Соцработник пробежала глазами заявление и процедила:

- Хорошо пишите, и обо мне тут тоже пишите!

- А это неправда, что ли? - ответил я.

- Некоторые вещи, если даже и правда, их не пишут! - поучительно возразила соцработник.

- Ну, как же?! - воскликнул я, ошеломлённый. - Вы меня оскорбляете, вы меня выселяете, а я должен вас разве возносить?!

- Хорошо, молодой человек, вот тут распишитесь, что, значит, заявление я принимала у вас, а ещё… паспорт, - заволновавшись, нескладно заговорила соцработник. - Ну, то есть копию я сделала… а ещё и автобиография ваша… ну, это у нас, видите ли, так необходимо заполнить, поэтому распишитесь здесь.

- Тогда я забираю вещи и жду ответа? – в отчаянии сказал я в минуту невыносимой неизвестности.

В этот момент в кабинет влетел директор социальной гостиницы, точь-в-точь как посланник неведомой божественной силы. Он схватил со скучающего стола одной из отсутствующих юных бездельниц нужную ему бумажку и собрался было ретироваться. Я шагнул к нему вплотную и дерзко залопотал:

- Здравствуйте, тут я хотел попросить вас продлить мне проживание!

Бесхитростный мой поступок настолько взволновал социального работника, что она побледнела и виноватым голоском молвила:

- Да… я тут вот спутала, что он у нас с апреля проживал.

- Кто? - гаркнул директор.

- Да вот он! - уточнила соцработник.

- Ну, и чего дальше?! - напрягся директор, закатывая глаза, словно в это мгновение поджарили его в геенне огненной. - Марина Евгеньевна, по положению мы больше трёх месяцев не имеем право держать! Какая мне разница!

- Вы заявление моё примите, потому что я… - пробубнил я, делая отчаянную попытку сунуть выстраданную мою челобитную в руки пеннорождённому, но директор брезгливо отскочил, спрятал руки за спину и завизжал пуще прежнего:

- Ничего я брать не буду! Отдайте Марине Евгеньевне! – И он пихнул меня в сторону.

Сообразив, что опасность окончательно миновала, несостоявшаяся учительница-актриса обрела прежнее хвалённое интеллигентское спокойствие. Она бросила на меня обжигающий ненавистью взгляд, скомкала челобитную и пропела:

- А вас, молодой человек, я больше не задерживаю!

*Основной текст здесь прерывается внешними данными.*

(* Let $P$ be a dcpo. The following are equivalent: (1) $\Sigma P$ is a $d^{\ast}$-space; (2) for every family $\{{\uparrow}F_d\mid d\in D\}\subseteq\mathbf{Fin}\,P$ that is filtered under inclusion, every ${\uparrow}F\in\mathbf{Fin}\,P$ and every nonempty Scott open set $U$, if $\bigcap_{d\in D}{\uparrow}F_d\cap{\uparrow}F\subseteq U$, then ${\uparrow}F_d\cap{\uparrow}F\subseteq U$ for some $d\in D$.
   Context: A dcpo is a poset in which every directed subset has a supremum. A subset $U$ of a poset $P$ is Scott open if $U={\uparrow}U$ and, for every directed $D$ whose supremum exists, $\bigvee D\in U$ implies $D\cap U\neq\emptyset$. The space $\Sigma P$ is $P$ with the Scott topology; its specialization order is the order of $P$. $\mathbf{Fin}\,P=\{{\uparrow}F\mid F\subseteq P$ nonempty finite$\}$. A family of sets is filtered if any two of its members contain a common member. All spaces are $T_0$. The specialization order of a space $X$ is given by $x\le y$ iff $x\in cl(\{y\})$. A $T_0$-space $X$ is a $d^{\ast}$-space if for every directed $D\subseteq X$ (in the specialization order), every $x\in X$ and every nonempty open $U\subseteq X$, $\bigcap_{d\in D}{\uparrow}d\cap{\uparrow}x\subseteq U$ implies ${\uparrow}d\cap{\uparrow}x\subseteq U$ for some $d\in D$. *)

From HB Require Import structures.
From mathcomp Require Import all_boot all_order.
From mathcomp Require Import boolp classical_sets cardinality topology.
Import Order.TTheory.

Set Implicit Arguments.
Unset Strict Implicit.
Unset Printing Implicit Defensive.

Local Open Scope classical_set_scope.
Local Open Scope order_scope.

Definition directed_wrt {X : Type} (R : X -> X -> Prop) (D : set X) :=
  D !=set0 /\ forall x y, D x -> D y -> exists2 z, D z & R x z /\ R y z.

Section PosetDefs.
Context {disp : Order.disp_t} {T : porderType disp}.

Definition directed (D : set T) := directed_wrt (fun x y => x <= y) D.

Definition is_sup (D : set T) (s : T) :=
  ubound D s /\ forall u, ubound D u -> s <= u.

Definition is_dcpo := forall D : set T, directed D -> exists s, is_sup D s.

Definition upset (A : set T) : set T := [set y | exists2 x, A x & x <= y].

Definition scott_open (U : set T) :=
  U = upset U /\
  forall (D : set T) (s : T), directed D -> is_sup D s -> U s -> D `&` U !=set0.

(** members of Fin P: ↑F with F nonempty finite *)
Definition fin_generator (F : set T) := finite_set F /\ F !=set0.

Definition filtered_family {I : Type} (A : I -> set T) :=
  inhabited I /\ forall i j, exists k, A k `<=` A i /\ A k `<=` A j.

Definition fin_dstar_condition :=
  forall (I : Type) (F : I -> set T) (G U : set T),
    (forall i, fin_generator (F i)) ->
    filtered_family (fun i => upset (F i)) ->
    fin_generator G ->
    scott_open U -> U !=set0 ->
    (\bigcap_i upset (F i)) `&` upset G `<=` U ->
    exists i, upset (F i) `&` upset G `<=` U.

Lemma scott_openT : scott_open setT.
Proof.
split; first by apply/seteqP; split=> x // _; exists x.
by move=> D s [[d Dd] _] _ _; exists d.
Qed.

Lemma scott_openI : setI_closed scott_open.
Proof.
move=> U V [eU hU] [eV hV]; split.
  apply/seteqP; split=> [x Ux|y [x [Ux Vx] xy]]; first by exists x.
  by split; [rewrite eU; exists x | rewrite eV; exists x].
move=> D s dD sD [Us Vs].
have [a [Da Ua]] := hU D s dD sD Us.
have [b [Db Vb]] := hV D s dD sD Vs.
have [c Dc [ac bc]] := dD.2 a b Da Db.
by exists c; split=> //; split; [rewrite eU; exists a | rewrite eV; exists b].
Qed.

Lemma scott_open_bigU (I : Type) (f : I -> set T) :
  (forall i, scott_open (f i)) -> scott_open (\bigcup_i f i).
Proof.
move=> hf; split.
  apply/seteqP; split=> [x Ux|y [x [i _ fxi] xy]]; first by exists x.
  by exists i => //; rewrite (hf i).1; exists x.
move=> D s dD sD [i _ fis].
have [d [Dd fid]] := (hf i).2 D s dD sD fis.
by exists d; split=> //; exists i.
Qed.

End PosetDefs.

Definition scott_space {disp : Order.disp_t} (T : porderType disp) : Type := T.

Section ScottTopology.
Context {disp : Order.disp_t} {T : porderType disp}.
HB.instance Definition _ := Choice.on (scott_space T).
HB.instance Definition _ :=
  isOpenTopological.Build (scott_space T)
    (@scott_openT disp T) (@scott_openI disp T) (@scott_open_bigU disp T).
End ScottTopology.

Section DStar.
Context {X : topologicalType}.

Definition spec_le (x y : X) := closure [set y] x.
Definition spec_up (x : X) : set X := [set y | spec_le x y].

Definition dstar_space :=
  @kolmogorov_space X /\
  forall (D : set X) (x : X) (U : set X),
    directed_wrt spec_le D -> open U -> U !=set0 ->
    (\bigcap_(d in D) spec_up d) `&` spec_up x `<=` U ->
    exists2 d, D d & spec_up d `&` spec_up x `<=` U.
End DStar.

(** (1) => (2) is Rudin's lemma: a filtered family of finitely generated upper
    sets ↑F_i admits a directed set D ⊆ ⋃ F_i meeting every F_i, so that
    ⋂_{d∈D} ↑d ⊆ ⋂_i ↑F_i.  Applied to the points of F_i whose upper set,
    intersected with ↑G, escapes U, the d*-property (extended from ↑x to a
    finitely generated ↑G using directedness of D) yields a contradiction.
    (2) => (1) is the special case of singletons F_i = {d}, F = {x}, since
    the specialization order of ΣP is the order of P. *)
From HB Require Import structures.
From mathcomp Require Import all_boot all_order.
From mathcomp Require Import boolp classical_sets cardinality topology.
Import Order.TTheory.

Set Implicit Arguments.
Unset Strict Implicit.
Unset Printing Implicit Defensive.

Local Open Scope order_scope.
Local Open Scope classical_set_scope.

Lemma Zorn_bigcap (T : Type) (P : set (set T)) :
  (forall F : set (set T), F `<=` P -> total_on F subset ->
    P (\bigcap_(X in F) X)) ->
  exists A, P A /\ forall B, B `<` A -> ~ P B.
Proof.
move=> capP.
have [B [PB Bmax]] : exists B, P (~` B) /\ forall B', B `<` B' -> ~ P (~` B').
  apply: Zorn_bigcup => F FP Ftot.
  have -> : ~` (\bigcup_(X in F) X) = \bigcap_(Y in setC @` F) Y.
    by rewrite setC_bigcup bigcap_image.
  apply: capP => [_ [X FX <-]|_ _ [X FX <-] [Y FY <-]]; first exact: FP.
  by case: (Ftot X Y FX FY) => XY; [right|left]; exact: subsetC.
exists (~` B); split=> // C [CB BC] PC; apply: (Bmax (~` C)); last by rewrite setCK.
by split; [exact: subsetCr | move=> /subsetCl].
Qed.

Lemma directed_wrt_ub_seq (X : Type) (Y : eqType) (R : X -> X -> Prop)
    (D : set X) (Q : Y -> X -> Prop) (s : seq Y) :
  directed_wrt R D -> (forall y a b, Q y a -> R a b -> Q y b) ->
  (forall y, y \in s -> exists2 a, D a & Q y a) ->
  exists2 a, D a & forall y, y \in s -> Q y a.
Proof.
move=> [[a0 Da0] dD] Qmono; elim: s => [|y s IHs] hs; first by exists a0.
have [a Da Qa] := hs y (mem_head _ _).
have [b Db Qb] := IHs (fun z zs => hs z (mem_behead (s := y :: s) zs)).
have [c Dc [ac bc]] := dD a b Da Db.
exists c => // z; rewrite in_cons => /orP[/eqP->|zs]; first exact: Qmono ac.
exact: Qmono (Qb z zs) bc.
Qed.

Section Rudin.
Context {disp : Order.disp_t} {T : porderType disp}.

Lemma upset1 (a z : T) : upset [set a] z <-> a <= z.
Proof. by split=> [[x -> //]|az]; exists a. Qed.

Variables (I : Type) (A : I -> set T).
Hypotheses (I0 : inhabited I) (Afin : forall i, finite_set (A i))
  (A0 : forall i, A i !=set0)
  (Afil : forall i j, exists k, A k `<=` upset (A i) /\ A k `<=` upset (A j)).

Let Ucup := \bigcup_i A i.

(* Sets that are down-closed inside [Ucup] and meet every [A i]; a minimal
   one, intersected with [Ucup], is the directed set of Rudin's lemma. *)
Let rudin_set (C : set T) :=
  (forall a b, C a -> Ucup b -> b <= a -> C b) /\ (forall i, C `&` A i !=set0).

Let rudin_set_bigcap (F : set (set T)) :
  F `<=` rudin_set -> total_on F subset -> rudin_set (\bigcap_(X in F) X).
Proof.
move=> FR Ftot; split=> [a b aF Ub ba X FX|i].
  exact: (FR X FX).1 (aF X FX) Ub ba.
apply: contrapT => capAi.
have [s As] := (finite_seqP (A i)).1 (Afin i).
have missed y : y \in s -> exists2 X, F X & ~ X y.
  move=> ys; apply: contrapT => /forall2NP allX; apply: capAi.
  exists y; split; last by rewrite As.
  by move=> X FX; have [//|] := allX X; apply: contrapT.
have [y0 Ay0] := A0 i; have [X0 FX0 _] : exists2 X, F X & ~ X y0.
  by apply: missed; rewrite As in Ay0.
have dF : directed_wrt (fun X Y => Y `<=` X) F.
  split=> [|X Y FX FY]; first by exists X0.
  by case: (Ftot X Y FX FY) => XY; [exists X | exists Y] => //; split.
have [X FX Xs] := directed_wrt_ub_seq dF (fun y X Y nXy YX Yy => nXy (YX y Yy)) missed.
have [z [Xz Az]] := (FR X FX).2 i.
by apply: (Xs z) => //; rewrite As in Az.
Qed.

Let minimal_rudin_set_up (C : set T) :
  rudin_set C -> (forall B, B `<` C -> ~ rudin_set B) ->
  forall x, C x -> Ucup x -> exists i, C `&` A i `<=` upset [set x].
Proof.
move=> [Cdown Cmeet] Cmin x Cx Ux; apply: contrapT => /forallNP noi.
apply: (Cmin (C `&` ~` upset [set x])).
  by split=> [y [] //|/(_ x Cx) [_]]; apply; apply/upset1.
split=> [a b [Ca nxa] Ub ba|i].
  split; first exact: Cdown Ca Ub ba.
  by move=> /upset1 xb; apply/nxa/upset1/(le_trans xb).
apply: contrapT => nmeet; apply: (noi i) => y [Cy Ay].
by apply: contrapT => nxy; apply: nmeet; exists y.
Qed.

Lemma rudin_lemma : exists D : set T,
  [/\ directed D, D `<=` \bigcup_i A i & forall i, D `&` A i !=set0].
Proof.
have [C [[Cdown Cmeet] Cmin]] := Zorn_bigcap rudin_set_bigcap.
have Cup := minimal_rudin_set_up (conj Cdown Cmeet) Cmin.
exists (C `&` Ucup); split=> [||i]; last 2 first.
- by move=> x [].
- by have [z [Cz Az]] := Cmeet i; exists z; split=> //; split=> //; exists i.
split=> [|x y [Cx Ux] [Cy Uy]].
  by case: I0 => i; have [z [Cz Az]] := Cmeet i; exists z; split=> //; exists i.
have [i Ci] := Cup x Cx Ux; have [j Cj] := Cup y Cy Uy.
have [k [ki kj]] := Afil i j; have [z [Cz Az]] := Cmeet k.
exists z; first by split=> //; exists k.
have [a Aa az] := ki z Az; have [b Ab bz] := kj z Az.
have /upset1 xa : upset [set x] a.
  by apply: Ci; split=> //; apply: Cdown Cz _ az; exists i.
have /upset1 yb : upset [set y] b.
  by apply: Cj; split=> //; apply: Cdown Cz _ bz; exists j.
by split; [exact: le_trans az | exact: le_trans bz].
Qed.

End Rudin.

Section ScottSpace.
Context {disp : Order.disp_t} {P : porderType disp}.

Lemma scott_open_not_le (y : P) : scott_open [set z | ~ z <= y].
Proof.
split.
  apply/seteqP; split=> [z zy|w [z zy zw] wy]; first by exists z.
  exact/zy/(le_trans zw).
move=> D s dD [_ sup_s] sy; apply: contrapT => noD; apply/sy/sup_s => d Dd.
by apply: contrapT => dy; apply: noD; exists d.
Qed.

Lemma spec_leP (x y : scott_space P) : spec_le x y <-> (x : P) <= y.
Proof.
split=> [xy|xy B].
  apply: contrapT => nxy.
  have : nbhs x [set z : scott_space P | ~ (z : P) <= y].
    by apply: open_nbhs_nbhs; split=> //; exact: scott_open_not_le.
  by move=> /xy [z [-> /=]].
rewrite nbhsE => -[O [oO Ox] OB]; exists y; split=> //; apply: OB.
by have [-> _] : scott_open (T := P) O := oO; exists x.
Qed.

Lemma spec_upE (x : scott_space P) : spec_up x = upset (T := P) [set x].
Proof. by apply/seteqP; split=> z; rewrite /spec_up /= spec_leP upset1. Qed.

Lemma scott_space_kolmogorov : kolmogorov_space (scott_space P).
Proof.
move=> x y xy.
have [nxy|nyx] : ~ (x : P) <= y \/ ~ (y : P) <= x.
  apply: contrapT => /not_orP [/contrapT xy' /contrapT yx]; apply/(negP xy).
  by apply/eqP/le_anti; rewrite xy' yx.
- exists [set z : scott_space P | ~ (z : P) <= y]; left; split; last first.
    by apply/mem_set => /=; apply.
  by apply/mem_set/open_nbhs_nbhs; split=> //; exact: scott_open_not_le.
- exists [set z : scott_space P | ~ (z : P) <= x]; right; split; last first.
    by apply/mem_set => /=; apply.
  by apply/mem_set/open_nbhs_nbhs; split=> //; exact: scott_open_not_le.
Qed.

Definition scott_dstar := forall (D : set P) (x : P) (U : set P),
  directed D -> scott_open U -> U !=set0 ->
  (\bigcap_(d in D) upset [set d]) `&` upset [set x] `<=` U ->
  exists2 d, D d & upset [set d] `&` upset [set x] `<=` U.

Lemma dstar_spaceE : dstar_space (X := scott_space P) <-> scott_dstar.
Proof.
have specE : @spec_up (scott_space P) = fun x : P => upset [set x].
  by apply: funext => x; rewrite spec_upE.
have dirE (D : set P) : directed_wrt (@spec_le (scott_space P)) D <-> directed D.
  rewrite /directed /directed_wrt.
  by split=> -[D0 dD]; split=> // x y Dx Dy;
    have [z Dz [xz yz]] := dD x y Dx Dy; exists z => //; rewrite ?spec_leP in xz yz *.
rewrite /dstar_space specE; split=> [[_ ds] D x U /dirE|ds]; first exact: ds.
by split=> [|D x U /dirE]; [exact: scott_space_kolmogorov | exact: ds].
Qed.

Lemma scott_dstar_finite (D G U : set P) : scott_dstar ->
  directed D -> finite_set G -> scott_open U -> U !=set0 ->
  (\bigcap_(d in D) upset [set d]) `&` upset G `<=` U ->
  exists2 d, D d & upset [set d] `&` upset G `<=` U.
Proof.
move=> ds dD Gfin oU U0 capGU; have [s Gs] := (finite_seqP G).1 Gfin.
pose Q g d := upset [set d] `&` upset [set g] `<=` U.
have Qmono g a b : Q g a -> a <= b -> Q g b.
  by move=> aU ab z [/upset1 bz gz]; apply: aU; split=> //; exact/upset1/(le_trans ab).
have [d Dd dG] : exists2 d, D d & forall g, g \in s -> Q g d.
  apply: directed_wrt_ub_seq Qmono _ => // g gs; apply: ds => // z [zD gz].
  by apply: capGU; split=> //; exists g; rewrite ?Gs //; exact/upset1.
exists d => // z [dz [g Gg gz]].
by apply: (dG g); [rewrite Gs in Gg | split=> //; exact/upset1].
Qed.

Lemma scott_dstar_fin_dstar : scott_dstar -> fin_dstar_condition (T := P).
Proof.
move=> ds I F G U Ffin Ffil Gfin oU U0 capGU; apply: contrapT => /forallNP noi.
pose A i := [set a | F i a /\ ~ upset [set a] `&` upset G `<=` U].
have Aup k i : upset (F k) `<=` upset (F i) -> A k `<=` upset (A i).
  move=> ki a [Fa aGU]; have [b Fb ba] := ki a (ex_intro2 _ _ a Fa (lexx a)).
  exists b => //; split=> // bGU; apply/aGU => z [/upset1 az Gz].
  by apply: bGU; split=> //; exact/upset1/(le_trans ba).
have [D [dD DA DmeetA]] : exists D : set P,
    [/\ directed D, D `<=` \bigcup_i A i & forall i, D `&` A i !=set0].
  apply: rudin_lemma => [|i|i|i j].
  - exact: Ffil.1.
  - by apply: sub_finite_set (Ffin i).1 => a [].
  - apply: contrapT => Ai0; apply: (noi i) => y [[a Fa ay] Gy].
    apply: contrapT => nUy; apply: Ai0; exists a; split=> // aGU.
    by apply/nUy/aGU; split=> //; exact/upset1.
  - by have [k [ki kj]] := Ffil.2 i j; exists k; split; exact: Aup.
have [d Dd dGU] : exists2 d, D d & upset [set d] `&` upset G `<=` U.
  apply: scott_dstar_finite Gfin.1 _ _ _ => // z [zD Gz].
  apply: capGU; split=> // i _.
  have [a [Da [Fa _]]] := DmeetA i; exists a => //; exact/upset1/zD.
by have [i _ [_ dGnU]] := DA d Dd.
Qed.

Lemma fin_dstar_scott_dstar : fin_dstar_condition (T := P) -> scott_dstar.
Proof.
move=> fds D x U [[d0 Dd0] dD] oU U0 capxU.
have [[d Dd] dxU] : exists d : {d | D d}, upset [set sval d] `&` upset [set x] `<=` U.
  apply: fds => // [d|||].
  - by split; [exact: finite_set1 | exists (sval d)].
  - split=> [|[a Da] [b Db]]; first exact: inhabits (exist _ d0 Dd0).
    have [c Dc [ac bc]] := dD a b Da Db.
    by exists (exist _ c Dc); split=> z /upset1 cz; apply/upset1; exact: le_trans cz.
  - by split; [exact: finite_set1 | exists x].
  - by move=> z [zD xz]; apply: capxU; split=> // d Dd; exact: (zD (exist _ d Dd)).
by exists d.
Qed.

End ScottSpace.

Theorem mainTheorem2 (disp : Order.disp_t) (P : porderType disp) :
  is_dcpo (T := P) ->
  (dstar_space (X := scott_space P) <-> fin_dstar_condition (T := P)).
Proof.
move=> _; apply: iff_trans dstar_spaceE _.
by split; [exact: scott_dstar_fin_dstar | exact: fin_dstar_scott_dstar].
Qed.
(* For each type $X$ in the list below, the determinant of the quantum affine Cartan matrix of type $X$ is $$\det C_{\mathrm{aff}}(t)=\frac{(1-t^{2p})(1-t^{2q})(1-t^{2r})}{1-t^2},$$ where $(p,q,r)$ is given by: $\mathsf A_l$ ($l\ge0$): $(\tfrac12(l+1),\tfrac12(l+1),1)$; $\mathsf D_l$ ($l\ge4$): $(l-2,2,2)$; $\mathsf E_6$: $(3,3,2)$; $\mathsf E_7$: $(4,3,2)$; $\mathsf E_8$: $(5,3,2)$; $\mathsf C_l$ ($l\ge2$): $(l,1,1)$; $\mathsf B_l$ ($l\ge3$): $(l-1,2,1)$; $\mathsf F_4$: $(3,2,1)$; $\mathsf G_2$: $(2,1,1)$.
   Context: For a type $X$ of rank $l$, let $C_{\mathrm{aff}}$ be the $(l+1)\times(l+1)$ affine (untwisted, i.e. of type $X^{(1)}$) generalized Cartan matrix; for $\mathsf A_l$ with $l\ge2$ this is the Cartan matrix of a cycle with $l+1$ vertices, and for $\mathsf A_1$ it is $\begin{pmatrix}2&-2\\-2&2\end{pmatrix}$. The quantum affine Cartan matrix $C_{\mathrm{aff}}(t)$ is obtained from $C_{\mathrm{aff}}$ by replacing each diagonal entry $2$ by $1+t^2$ and multiplying each off-diagonal entry by $t$, i.e. $C_{\mathrm{aff}}(t)=(1-t)^2\mathbf 1+tC_{\mathrm{aff}}$; for type $\mathsf A_0$ one sets $C_{\mathrm{aff}}(t)=((1-t)^2)$. *)

From mathcomp Require Import all_boot all_order all_algebra.
Set Implicit Arguments.
Unset Strict Implicit.
Unset Printing Implicit Defensive.
Import GRing.Theory.
Local Open Scope ring_scope.

(** Finite types X (the affine type is the untwisted X^(1)). *)
Inductive ctype : Type :=
| TA of nat | TD of nat | TE6 | TE7 | TE8 | TC of nat | TB of nat | TF4 | TG2.

Definition admissible (X : ctype) : bool :=
  match X with
  | TA _ => true
  | TD l => (4 <= l)%N
  | TC l => (2 <= l)%N
  | TB l => (3 <= l)%N
  | _ => true
  end.

Definition rank (X : ctype) : nat :=
  match X with
  | TA l | TD l | TC l | TB l => l
  | TE6 => 6 | TE7 => 7 | TE8 => 8 | TF4 => 4 | TG2 => 2
  end.

(** Edges of the affine Dynkin diagram (vertices 0..rank X, 0 = affine node,
    Bourbaki numbering of the finite part).  An edge (i, j, a, b) contributes
    a_{ij} = a and a_{ji} = b, with a_{ij} = <alpha_i^vee, alpha_j>. *)
Definition simple_edge (i j : nat) : nat * nat * int * int := (i, j, -1, -1).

- Когда мне зайти, чтобы узнать о результатах моего заявления? – аккуратненько поинтересовался я.

- Я не собираюсь иметь с вами никаких дел и не намерена разговаривать таким тоном! - сказала она, слепив на своём лице удивительно причудливую идиотскую мину оскорблённого представительного лица. - Идите, молодой человек, и больше здесь не появляетесь.

В сопровождении знакомого охранника я собрал скудный мой скарб в номере, уложил в небольшой полиэтиленовый пакет и покинул неприветливое для нестоличного бездомного горемыки московское богоугодное заведение, которое дипломатично по-современному называют «социальная гостиница» или «дом ночного пребывания».